The site of the station was shifted to the southern alternative at South 58th Street to avoid longer delays for vehicles traveling across 56th Street. Sound Transit began acquiring properties at the station in late 2003, but ran into resistance from the owners of a century-old home at the proposed site for the park-and-ride lot. After an initial offer from the transit agency was rejected, the eminent domain case was heard by the Pierce County Superior Court and state Supreme Court, who both ruled in Sound Transit's favor by early 2006. The ruling sparked public outcry over the use of online-only meeting notices and inspired the state legislature to pass a bill requiring a certified letter to affected property owners and a newspaper notice. The landowners were eventually paid $500,000 for the property after a separate court case settled by a county jury.
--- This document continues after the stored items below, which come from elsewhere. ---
Lemma act_arcs_noncrossing_outside a c b d : ~~ inside a -> a < c -> c < b -> b < d ->
  0 < N a b -> 0 < N c d -> False.
Proof.
move=> /negbTE ia ac cb bd; case ib: (inside b); case ic: (inside c); case id: (inside d);
  move: (ia) (ib) (ic) (id); rewrite !insideE => ia' ib' ic' id'; try lia.
(* remaining cases, by insideness of (b, c, d): TTT, TTF, TFT, TFF, FTF, FFT, FFF *)
- rewrite act_arcs_sym => /(act_arcs_mixed_witness ib (negbT ia))[_ [o' o'_oo mbo] _].
  rewrite act_arcs_inside // m_sym => Ncd.
  move: o'_oo; rewrite mem_outer_order insideE => o'_out.
  have [o'_lt | o'_gt] : o' < p \/ q < o' by lia.
  + rewrite m_sym in mbo.
    by apply: (arcs_cross_absurd _ _ _ mbo Ncd); rewrite !refl_inside //; lia.
  + by apply: (arcs_cross_absurd _ _ _ Ncd mbo); rewrite !refl_inside //; lia.
- rewrite act_arcs_sym => Nba Ncd.
  have [a_le _ _] := act_arcs_mixed_witness ib (negbT ia) Nba.
  have [d_le _ _] := act_arcs_mixed_witness ic (negbT id) Ncd.
  have := act_arcs_mixed_mono ic (negbT id) ib (negbT ia) cb Ncd Nba.
  by rewrite index_outer_order_gt ?index_outer_order_lt //; lia.
- rewrite act_arcs_sym => Nba; rewrite act_arcs_sym => Ndc.
  have := act_arcs_mixed_mono ib (negbT ia) id (negbT ic) bd Nba Ndc.
  by rewrite !index_outer_order_lt //; lia.
- rewrite act_arcs_sym => /(act_arcs_mixed_witness ib (negbT ia))[_ _ [i' i'_in mia]].
  rewrite act_arcs_outside ?ic ?id // => Ncd; move: i'_in; rewrite insideE => i'_in.
  by rewrite m_sym in mia; apply: (arcs_cross_absurd _ _ _ mia Ncd); lia.
- rewrite act_arcs_outside ?ia ?ib // => Nab.
  move=> /(act_arcs_mixed_witness ic (negbT id))[_ _ [i' i'_in mid]].
  by move: i'_in; rewrite insideE => i'_in; apply: (arcs_cross_absurd _ _ _ Nab mid); lia.
- rewrite act_arcs_outside ?ia ?ib // => Nab.
  rewrite act_arcs_sym => /(act_arcs_mixed_witness id (negbT ic))[_ _ [i' i'_in mic]].
  move: i'_in; rewrite insideE => i'_in; rewrite m_sym in mic.
  by apply: (arcs_cross_absurd _ _ _ Nab mic); lia.
- rewrite !act_arcs_outside ?ia ?ib ?ic ?id // => Nab Ncd.
  by apply: (arcs_cross_absurd _ _ _ Nab Ncd).
Qed.

Lemma noncrossing_act_arcs : noncrossing N.
Proof.
move=> a c b d ac cb bd.
have [->|Nab] := posnP (N a b); first by left.
have [->|Ncd] := posnP (N c d); first by right.
exfalso; case: (boolP (inside a)) => ia.
- exact: (act_arcs_noncrossing_inside ia ac cb bd Nab Ncd).
- exact: (act_arcs_noncrossing_outside ia ac cb bd Nab Ncd).
Qed.

(* Non-crossing forces the outer endpoints of this list to be sorted along the chord. *)
Let crossing_arcs := flatten [seq [seq (a, o) | o <- blocks (m a) oo] | a <- io].

Lemma unzip1_crossing_arcs : unzip1 crossing_arcs = blocks (fun a => out_deg m a) io.
Proof.
rewrite /unzip1 map_flatten -map_comp; congr flatten; apply: eq_map => a /=.
by rewrite -map_comp -size_blocks; elim: (blocks _ _) => //= o s ->.
Qed.

Lemma unzip2_crossing_arcs : unzip2 crossing_arcs = flatten [seq blocks (m a) oo | a <- io].
Proof.
rewrite /unzip2 map_flatten -map_comp; congr flatten; apply: eq_map => a /=.
by rewrite -map_comp map_id.
Qed.

Lemma count_crossing_arcs a o : inside a -> o \in oo -> count_mem (a, o) crossing_arcs = m a o.
Proof.
rewrite -mem_inner_order => a_io o_oo.
rewrite count_flatten sumnE !big_map (bigD1_seq a) ?iota_uniq //= big1 => [|a' a'a].
  rewrite addn0 count_map (@eq_count _ _ (pred1 o)) => [|o'].
    by rewrite count_mem_blocks ?uniq_outer_order.
  by rewrite /= xpair_eqE eqxx.
rewrite count_map (@eq_count _ _ pred0) ?count_pred0 // => o'.
by rewrite /= xpair_eqE (negbTE a'a).
Qed.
Construction of the $16.5 million South Tacoma station began in January 2008, with plans to prepare for commuter rail service in 2012. A temporary express bus from the station to Tacoma Dome Station and Downtown Seattle began on February 9, 2009, after the completion of station's park-and-ride lot. Sounder service to Lakewood and South Tacoma began on October 8, 2012, following a weekend celebration that drew hundreds of people to the new South Tacoma station for free rides and festivities. By 2030, Sound Transit plans to construct new bicycle lanes to South Tacoma station and improve sidewalks in the area as part of a $56 million project. It was funded by allocations in the Sound Transit 2 program that were originally meant for expanding parking at the station.

==Services==

South Tacoma station is served by eight daily round-trips on the Sounder S Line, which travel north to King Street Station in Downtown Seattle and south to Lakewood station on weekdays. Sounder trains travel from South Tacoma to Seattle in approximately 71 minutes. The station is indirectly served by Pierce Transit route 3, which travels primarily on South Tacoma Way between Lakewood Towne Center, Tacoma Mall, and Downtown Tacoma. Pierce Transit formerly served South Tacoma station with several routes, including a local bus on South 56th Street that was removed in a 2017 restructure. The agency also experimented with a custom express bus from the station to University Place and Olympia that debuted in late 2013, but the program was eliminated in 2014 after a spell of low ridership.